(Bloomberg) -- BP Plc’s shares fell to the lowest in two years as investors punish the company for shifting away from the oil and gas business.
That may put pressure on new Chief Executive Officer Murray Auchincloss to retreat from a strategy he helped develop under his predecessor Bernard Looney. Even as the world moves to low-carbon power sources to combat climate change, BP’s profits overwhelmingly depend on a still-growing market for fossil fuels, helping to fund its dividend payouts and share buybacks.
“BP pivoted hard toward the energy transition under Bernard Looney around the time of maximum interest in green energy solutions and very low interest rates,” said Henry Tarr, an analyst at Berenberg. “Since then commodity prices have recovered, making the legacy upstream business seem more attractive, while higher interest rates and more competition has left some low-carbon businesses looking less attractive.”
Shares in the oil major fell as much as 1.4% Thursday to 424.55 British pence in London, the lowest since September 2022.
The stock’s drop contrasts with British peer Shell Plc, which also set a goal under its previous chief to diversify away from fossil fuels and reach net-zero carbon emissions by the middle of the century.
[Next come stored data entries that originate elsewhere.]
(* Let $G=(V,E)$ be a connected, locally finite simple graph, let $x\in V$, let $u:V\to\mathbb{R}$ be harmonic, and let $0\le a\le b<\infty$ be integers. Define, for $k\ge 0$, $$N(k) = \sum_{y:\, d(x,y)=k+1} d_{\mathrm{in}}(y)\, u(y)^2 - \sum_{y:\, d(x,y)=k} d_{\mathrm{out}}(y)\, u(y)^2 .$$ If $G$ is locally expansive in $\{v\in V: a\le d(x,v)\le b\}$, i.e. $d_{\mathrm{out}}(v)\ge d_{\mathrm{in}}(v)$ for every $v$ with $a\le d(x,v)\le b$, then $$\sum_{y:\,d(x,y)=b+1} d_{\mathrm{in}}(y)\, u(y)^2 \ge (b-a+1)N(a) + \sum_{y:\,d(x,y)=a} d_{\mathrm{out}}(y)\, u(y)^2.$$ If $G$ is locally contractive in the same region, i.e. $d_{\mathrm{out}}(v)\le d_{\mathrm{in}}(v)$ for every $v$ with $a\le d(x,v)\le b$, then $$\sum_{y:\,d(x,y)=b+1} d_{\mathrm{in}}(y)\, u(y)^2 \le (b-a+1)N(b) + \sum_{y:\,d(x,y)=a} d_{\mathrm{out}}(y)\, u(y)^2.$$
   Context: $d(\cdot,\cdot)$ is the graph distance. $u$ is harmonic if $\sum_{w:(v,w)\in E}(u(v)-u(w))=0$ for every $v\in V$. With $x$ fixed, $d_{\mathrm{in}}(v)=\#\{w: (w,v)\in E,\ d(w,x)=d(v,x)-1\}$ and $d_{\mathrm{out}}(v)=\#\{w: (w,v)\in E,\ d(w,x)=d(v,x)+1\}$. *)

From HB Require Import structures.
From mathcomp Require Import all_boot all_order all_algebra.
From mathcomp Require Import boolp classical_sets functions cardinality fsbigop reals.
Set Implicit Arguments. Unset Strict Implicit. Unset Printing Implicit Defensive.
Import Order.TTheory GRing.Theory Num.Theory.
Local Open Scope ring_scope.

(* A locally finite simple graph on a (possibly infinite) vertex type V is
   given by its finite neighbour lists [nb v]. *)
Definition adj (V : eqType) (nb : V -> seq V) : rel V := fun v w => w \in nb v.

Definition simple_locfin_graph (V : eqType) (nb : V -> seq V) : Prop :=
  (forall v, uniq (nb v)) /\
  (forall v, v \notin nb v) /\
  (forall v w, (w \in nb v) = (v \in nb w)).

Definition walk (V : eqType) (nb : V -> seq V) (v w : V) (n : nat) : Prop :=
  exists p : seq V, [/\ path (adj nb) v p, last v p = w & size p = n].

Definition connected_graph (V : eqType) (nb : V -> seq V) : Prop :=
  forall v w, exists n, walk nb v w n.

Definition is_dist (V : eqType) (nb : V -> seq V) (v w : V) (k : nat) : Prop :=
  walk nb v w k /\ forall m, (m < k)%N -> ~ walk nb v w m.

Definition d_in (V : eqType) (nb : V -> seq V) (x v : V) : nat :=
  count (fun w => `[< exists k, is_dist nb x w k /\ is_dist nb x v k.+1 >]) (nb v).

Definition d_out (V : eqType) (nb : V -> seq V) (x v : V) : nat :=
  count (fun w => `[< exists k, is_dist nb x v k /\ is_dist nb x w k.+1 >]) (nb v).

Definition harmonic (R : realType) (V : eqType) (nb : V -> seq V) (u : V -> R) : Prop :=
  forall v, \sum_(w <- nb v) (u v - u w) = 0.

Definition sphere (V : eqType) (nb : V -> seq V) (x : V) (k : nat) : set V :=
  [set y | is_dist nb x y k].

Definition in_energy (R : realType) (V : choiceType) (nb : V -> seq V) (x : V)
  (u : V -> R) (k : nat) : R :=
  \sum_(y \in sphere nb x k) ((d_in nb x y)%:R * u y ^+ 2).

Definition out_energy (R : realType) (V : choiceType) (nb : V -> seq V) (x : V)
  (u : V -> R) (k : nat) : R :=
  \sum_(y \in sphere nb x k) ((d_out nb x y)%:R * u y ^+ 2).

Definition Nfun (R : realType) (V : choiceType) (nb : V -> seq V) (x : V)
  (u : V -> R) (k : nat) : R :=
  in_energy nb x u k.+1 - out_energy nb x u k.

From HB Require Import structures.
From mathcomp Require Import all_boot all_order all_algebra.
From mathcomp Require Import boolp classical_sets functions cardinality fsbigop reals.
From mathcomp Require Import lra zify.
Import Order.TTheory GRing.Theory Num.Theory.
Set Implicit Arguments. Unset Strict Implicit. Unset Printing Implicit Defensive.
Local Open Scope ring_scope.
Local Open Scope classical_set_scope.

(* For harmonic u, sum_(w ~ v) (u(w)^2 - u(v)^2) = sum_(w ~ v) (u(w) - u(v))^2 >= 0.
   Summing this over the sphere S_(k+1) and sorting the edges by the layer of
   their second endpoint, the edges inside S_(k+1) cancel, those towards S_(k+2)
   contribute N(k+1) and those towards S_k contribute -N(k): so N is
   nondecreasing.  Since in(k+1) = N(k) + out(k), iterating with in(k) <= out(k)
   (expansive case) or in(k) >= out(k) (contractive case) for a < k <= b compares
   in(b+1) with sum_(k=a..b) N(k) + out(a), and monotonicity of N bounds this sum
   by (b-a+1) N(a), resp. (b-a+1) N(b). *)

Section Distance.
Variables (V : eqType) (nb : V -> seq V) (x : V).

Lemma walk0 v w : walk nb v w 0 <-> w = v.
Proof.
split; first by case=> [[|? ?] [_ /= <- //]].
by move=> ->; exists [::].
Qed.

Lemma walk_rcons v w z n : walk nb v w n -> z \in nb w -> walk nb v z n.+1.
Proof.
case=> p [p_path p_last p_size] wz; exists (rcons p z); split.
- by rewrite rcons_path p_path /= p_last.
- by rewrite last_rcons.
- by rewrite size_rcons p_size.
Qed.

Lemma walkS v z n : walk nb v z n.+1 -> exists2 w, walk nb v w n & z \in nb w.
Proof.
case=> p [+ + +]; case/lastP: p => [//|q z'].
rewrite rcons_path last_rcons size_rcons => /andP[q_path wz'] <- [q_size].
by exists (last v q) => //; exists q.
Qed.

Lemma is_dist_uniq v k m : is_dist nb x v k -> is_dist nb x v m -> k = m.
Proof.
case=> wk mink [wm minm]; case: (ltngtP k m) => // [km|mk].
- by case: (minm _ km wk).
- by case: (mink _ mk wm).
Qed.

Lemma walk_is_dist v n : walk nb x v n -> exists2 m, (m <= n)%N & is_dist nb x v m.
Proof.
move=> wn; have ex_walk : exists n, `[< walk nb x v n >] by exists n; apply/asboolP.
case: (ex_minnP ex_walk) => m /asboolP wm minm.
exists m; first exact/minm/asboolP.
split=> // j jm wj; have := minm j (asboolT wj); by rewrite leqNgt jm.
Qed.

Lemma is_dist_adj_le v w k m :
  w \in nb v -> is_dist nb x v k -> is_dist nb x w m -> (m <= k.+1)%N.
Proof.
move=> vw [wk _] [_ minm]; rewrite leqNgt; apply/negP => km.
exact: minm _ km (walk_rcons wk vw).
Qed.

Lemma is_dist_adj v w k :
  w \in nb v -> is_dist nb x v k -> exists2 m, is_dist nb x w m & (m <= k.+1)%N.
Proof.
move=> vw dvk; have [m _ dwm] := walk_is_dist (walk_rcons dvk.1 vw).
by exists m => //; apply: is_dist_adj_le vw dvk dwm.
Qed.

Lemma is_distS z k : is_dist nb x z k.+1 -> exists2 w, is_dist nb x w k & z \in nb w.
Proof.
move=> dz; have [w wk wz] := walkS dz.1.
have [m mk dwm] := walk_is_dist wk.
have km : (k <= m)%N by rewrite -ltnS (is_dist_adj_le wz dwm dz).
by exists w => //; rewrite (_ : k = m) //; apply/eqP; rewrite eqn_leq km mk.
Qed.

(* Breadth-first enumeration of the sphere of radius k: the finite list behind
   the sums over [sphere nb x k]. *)
Fixpoint sphere_seq (k : nat) : seq V :=
  if k is k'.+1 then
    undup [seq w <- flatten (map nb (sphere_seq k')) | `[< is_dist nb x w k'.+1 >]]
  else [:: x].

Lemma sphere_seq_uniq k : uniq (sphere_seq k).
Proof. by case: k => [|k] //=; apply: undup_uniq. Qed.

Lemma mem_sphere_seq k w : w \in sphere_seq k <-> is_dist nb x w k.
Proof.
elim: k w => [|k IH] w /=.
  rewrite inE; split; first by move/eqP ->; split; [apply/walk0|].
  by case=> /walk0 ->.
rewrite mem_undup mem_filter; split; first by case/andP => /asboolP.
move=> dwk; rewrite asboolT //=; have [v dvk vw] := is_distS dwk.
by apply/flatten_mapP; exists v => //; apply/IH.
Qed.

Lemma mem_sphere_seq_dist k m w :
  is_dist nb x w m -> (w \in sphere_seq k) = (k == m).
Proof.
move=> dwm; apply/idP/eqP => [/mem_sphere_seq dwk | ->]; last exact/mem_sphere_seq.
exact: is_dist_uniq dwk dwm.
Qed.

End Distance.

Arguments sphere_seq : simpl never.

Lemma big_seq_memC (R : Type) (idx : R) (op : Monoid.com_law idx)
    (T : eqType) (s t : seq T) (F : T -> R) : uniq s -> uniq t ->
  \big[op/idx]_(w <- s | w \in t) F w = \big[op/idx]_(w <- t | w \in s) F w.
Proof.
move=> s_uniq t_uniq; rewrite -[LHS]big_filter -[RHS]big_filter; apply: perm_big.
by apply: uniq_perm; rewrite ?filter_uniq // => w; rewrite !mem_filter andbC.
Qed.

Lemma fsum_sphere (R : nmodType) (V : choiceType) (nb : V -> seq V) (x : V) k
    (F : V -> R) :
  \sum_(y \in sphere nb x k) F y = \sum_(y <- sphere_seq nb x k) F y.
Proof.
have -> : sphere nb x k = [set` sphere_seq nb x k].
  by apply/seteqP; split=> y /mem_sphere_seq.
by rewrite -fsbig_seq // sphere_seq_uniq.
Qed.

Lemma natr_count_mul (R : pzSemiRingType) (T : Type) (P : pred T) s (c : R) :
  (count P s)%:R * c = \sum_(w <- s | P w) c.
Proof.
by rewrite -sum1_count natr_sum mulr_suml; apply: eq_bigr => _ _; rewrite mul1r.
Qed.

Lemma harmonic_sum_sqrB_ge0 (R : realType) (V : eqType) (nb : V -> seq V)
    (u : V -> R) v :
  harmonic nb u -> 0 <= \sum_(w <- nb v) (u w ^+ 2 - u v ^+ 2).
Proof.
move=> u_harm.
have sqrB w : u w ^+ 2 - u v ^+ 2 = (u w - u v) ^+ 2 - 2 * u v * (u v - u w).
  by rewrite !sqrrB; lra.
rewrite (eq_bigr _ (fun w _ => sqrB w)) sumrB -mulr_sumr u_harm mulr0 subr0.
by apply: sumr_ge0 => w _; apply: sqr_ge0.
Qed.

Section Spheres.
Variables (V : choiceType) (nb : V -> seq V) (x : V).
Hypothesis nb_graph : simple_locfin_graph nb.

Let nb_uniq v : uniq (nb v). Proof. by case: nb_graph. Qed.
Let nb_sym v w : (w \in nb v) = (v \in nb w). Proof. by case: nb_graph => _ []. Qed.

Local Notation S := (sphere_seq nb x).

Section EdgeSums.
Variable R : zmodType.

Definition edge_sum i j (F : V -> V -> R) : R :=
  \sum_(v <- S i) \sum_(w <- S j | w \in nb v) F v w.

Lemma edge_sumC i j F : edge_sum i j F = edge_sum j i (fun v w => F w v).
Proof.
rewrite /edge_sum; under eq_bigr do rewrite big_mkcond.
rewrite exchange_big /=; apply: eq_bigr => w _.
by rewrite [RHS]big_mkcond; apply: eq_bigr => v _; rewrite nb_sym.
Qed.

Lemma edge_sum_antisym i j F : (forall v w, F w v = - F v w) ->
  edge_sum i j F = - edge_sum j i F.
Proof.
move=> F_anti; rewrite edge_sumC /edge_sum -sumrN.
by apply: eq_bigr => v _; rewrite -sumrN; apply: eq_bigr => w _; rewrite F_anti.
Qed.

(* Distances of adjacent vertices differ by at most one. *)
Lemma sum_nb_layers k v (F : V -> R) : is_dist nb x v k.+1 ->
  \sum_(w <- nb v) F w = \sum_(w <- S k.+2 | w \in nb v) F w +
    \sum_(w <- S k.+1 | w \in nb v) F w + \sum_(w <- S k | w \in nb v) F w.
Proof.
move=> dv; rewrite -!(big_seq_memC _ _ (nb_uniq v) (sphere_seq_uniq _ _ _)).
rewrite !(big_mkcond (fun w => w \in S _)) -!big_split /=.
apply: eq_big_seq => w vw; have [m dwm mk] := is_dist_adj vw dv.
have km : (k <= m)%N by rewrite -ltnS; apply: is_dist_adj_le dwm dv; rewrite -nb_sym.
rewrite !(mem_sphere_seq_dist _ dwm).
have [->|[->|->]] : m = k \/ m = k.+1 \/ m = k.+2 by lia.
- by rewrite eqxx !gtn_eqF // !add0r.
- by rewrite eqxx gtn_eqF // ltn_eqF // add0r addr0.
- by rewrite eqxx !ltn_eqF // !addr0.
Qed.

End EdgeSums.

Section Energies.
Variables (R : realType) (u : V -> R).

Lemma in_energy_edge k : in_energy nb x u k.+1 = edge_sum k k.+1 (fun _ w => u w ^+ 2).
Proof.
rewrite edge_sumC /in_energy fsum_sphere /edge_sum.
apply: eq_big_seq => y /mem_sphere_seq dy.
rewrite /d_in (@eq_in_count _ _ (mem (S k))) => [|w _].
  by rewrite natr_count_mul big_seq_memC ?sphere_seq_uniq.
apply/asboolP/idP => [[k' [dw dy']]|/mem_sphere_seq dw]; last by exists k.
by apply/mem_sphere_seq; case: (is_dist_uniq dy' dy) => <-.
Qed.

Lemma out_energy_edge k : out_energy nb x u k = edge_sum k k.+1 (fun v _ => u v ^+ 2).
Proof.
rewrite /out_energy fsum_sphere /edge_sum; apply: eq_big_seq => y /mem_sphere_seq dy.
rewrite /d_out (@eq_in_count _ _ (mem (S k.+1))) => [|w _].
  by rewrite natr_count_mul big_seq_memC ?sphere_seq_uniq.
apply/asboolP/idP => [[k' [dy' dw]]|/mem_sphere_seq dw]; last by exists k.
by apply/mem_sphere_seq; rewrite (is_dist_uniq dy dy').
Qed.

Lemma Nfun_edge k :
  Nfun nb x u k = edge_sum k k.+1 (fun v w => u w ^+ 2 - u v ^+ 2).
Proof.
rewrite /Nfun in_energy_edge out_energy_edge /edge_sum -sumrB.
by under eq_bigr do rewrite -sumrB.
Qed.

Lemma ler_sphere_energy k (f g : V -> nat) :
  (forall y, is_dist nb x y k -> (f y <= g y)%N) ->
  \sum_(y \in sphere nb x k) ((f y)%:R * u y ^+ 2) <=
    \sum_(y \in sphere nb x k) ((g y)%:R * u y ^+ 2).
Proof.
move=> fg; rewrite !fsum_sphere !big_seq; apply: ler_sum => y /mem_sphere_seq dy.
by rewrite ler_wpM2r ?sqr_ge0 // ler_nat fg.
Qed.

Hypothesis u_harm : harmonic nb u.

Lemma Nfun_nondecreasing : {homo Nfun nb x u : m n / (m <= n)%N >-> m <= n}.
Proof.
apply: homo_leq => [//|n m p|k]; first exact: le_trans.
pose D i j := edge_sum i j (fun v w => u w ^+ 2 - u v ^+ 2).
have D_anti i j : D i j = - D j i by apply: edge_sum_antisym => v w; rewrite opprB.
have D_diag : D k.+1 k.+1 = 0 by have := D_anti k.+1 k.+1; lra.
have : 0 <= \sum_(v <- S k.+1) \sum_(w <- nb v) (u w ^+ 2 - u v ^+ 2).
  by apply: sumr_ge0 => v _; apply: harmonic_sum_sqrB_ge0.
under eq_big_seq => v /mem_sphere_seq dv do rewrite (sum_nb_layers _ dv).
rewrite !big_split.
change (0 <= D k.+1 k.+2 + D k.+1 k.+1 + D k.+1 k -> Nfun nb x u k <= Nfun nb x u k.+1).
by rewrite D_diag (D_anti k.+1 k) /D -!Nfun_edge; lra.
Qed.

End Energies.
End Spheres.

Section Telescoping.
Variable R : realDomainType.

Lemma telescope_le (I O : nat -> R) a b :
  (a <= b)%N -> (forall k, (a < k <= b)%N -> I k <= O k) ->
  \sum_(a <= k < b.+1) (I k.+1 - O k) + O a <= I b.+1.
Proof.
elim: b => [|b IH] ab IO.
  by move: ab; rewrite leqn0 => /eqP ->; rewrite big_nat1 subrK.
case: (ltngtP a b.+1) ab => // [ab|->] _; last by rewrite big_nat1 subrK.
rewrite big_nat_recr ?(ltnW ab) //=.
have : \sum_(a <= k < b.+1) (I k.+1 - O k) + O a <= I b.+1.
  by apply: IH => // k /andP[ak kb]; apply: IO; rewrite ak leqW.
have IOb : I b.+1 <= O b.+1 by apply: IO; rewrite ab /=.
lra.
Qed.

Lemma telescope_ge (I O : nat -> R) a b :
  (a <= b)%N -> (forall k, (a < k <= b)%N -> O k <= I k) ->
  I b.+1 <= \sum_(a <= k < b.+1) (I k.+1 - O k) + O a.
Proof.
move=> ab OI; have NIO k : (a < k <= b)%N -> - I k <= - O k.
  by move/OI; rewrite lerN2.
have := telescope_le ab NIO.
rewrite (eq_bigr (fun k => - (I k.+1 - O k))) => [|k _]; last by rewrite opprD.
by rewrite sumrN -opprD lerN2.
Qed.

Lemma sum_nondecreasing_bounds (N : nat -> R) a b :
  {homo N : m n / (m <= n)%N >-> m <= n} -> (a <= b)%N ->
  (b - a + 1)%:R * N a <= \sum_(a <= k < b.+1) N k <= (b - a + 1)%:R * N b.
Proof.
move=> N_mono ab; rewrite !mulr_natl addn1 -subSn // -!sumr_const_nat.
by apply/andP; split; apply: ler_sum_nat => k /andP[ak kb]; apply: N_mono.
Qed.

End Telescoping.

Theorem corollary1 (R : realType) (V : choiceType) (nb : V -> seq V) (x : V)
  (u : V -> R) (a b : nat) :
  simple_locfin_graph nb -> connected_graph nb -> harmonic nb u ->
  (a <= b)%N ->
  ((forall v k, (a <= k <= b)%N -> is_dist nb x v k ->
      (d_in nb x v <= d_out nb x v)%N) ->
    in_energy nb x u b.+1 >=
      (b - a + 1)%:R * Nfun nb x u a + out_energy nb x u a) /\
  ((forall v k, (a <= k <= b)%N -> is_dist nb x v k ->
      (d_out nb x v <= d_in nb x v)%N) ->
    in_energy nb x u b.+1 <=
      (b - a + 1)%:R * Nfun nb x u b + out_energy nb x u a).
Proof.
move=> nb_graph _ u_harm ab.
have /andP[Nsum_ge Nsum_le] :=
  sum_nondecreasing_bounds (Nfun_nondecreasing x nb_graph u_harm) ab.
split=> dio.
- have := @telescope_le _ (in_energy nb x u) (out_energy nb x u) a b ab.
  have io k : (a < k <= b)%N -> in_energy nb x u k <= out_energy nb x u k.
    by case/andP=> ak kb; apply: ler_sphere_energy => y; apply: dio; rewrite ltnW.
  by move=> /(_ io); lra.
- have := @telescope_ge _ (in_energy nb x u) (out_energy nb x u) a b ab.
  have oi k : (a < k <= b)%N -> out_energy nb x u k <= in_energy nb x u k.
    by case/andP=> ak kb; apply: ler_sphere_energy => y; apply: dio; rewrite ltnW.
  by move=> /(_ oi); lra.
Qed.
But under current CEO Wael Sawan, who took over the top job at the beginning of last year, the company has adopted what he called a ruthless approach to investment, focused on delivering returns for shareholders.
Shell has since pulled back on its plans to cut CO2 emissions and invest in renewable power generation. The approach has helped push the company’s stock up about 16% since Sawan became CEO, compared to a 10% drop for BP during that period.
BP’s total returns in the last five years is just 14%, by far the lowest among its supermajor peers, according to Bloomberg data. After paying off roughly $30 billion of debt amid soaring oil and gas prices in recent years, BP’s indebtedness ticked up to start the year.
While BP has maintained its pace of buybacks this year, investors may start worrying about how long it can continue doing so.
“Compared to its No. 1 peer, Shell, there’s an increasing concern of sustainability of returns,” said Will Hares, an analyst at Bloomberg Intelligence. “The market wants to see more of a commitment to essentially their cash engines, which are oil and gas.”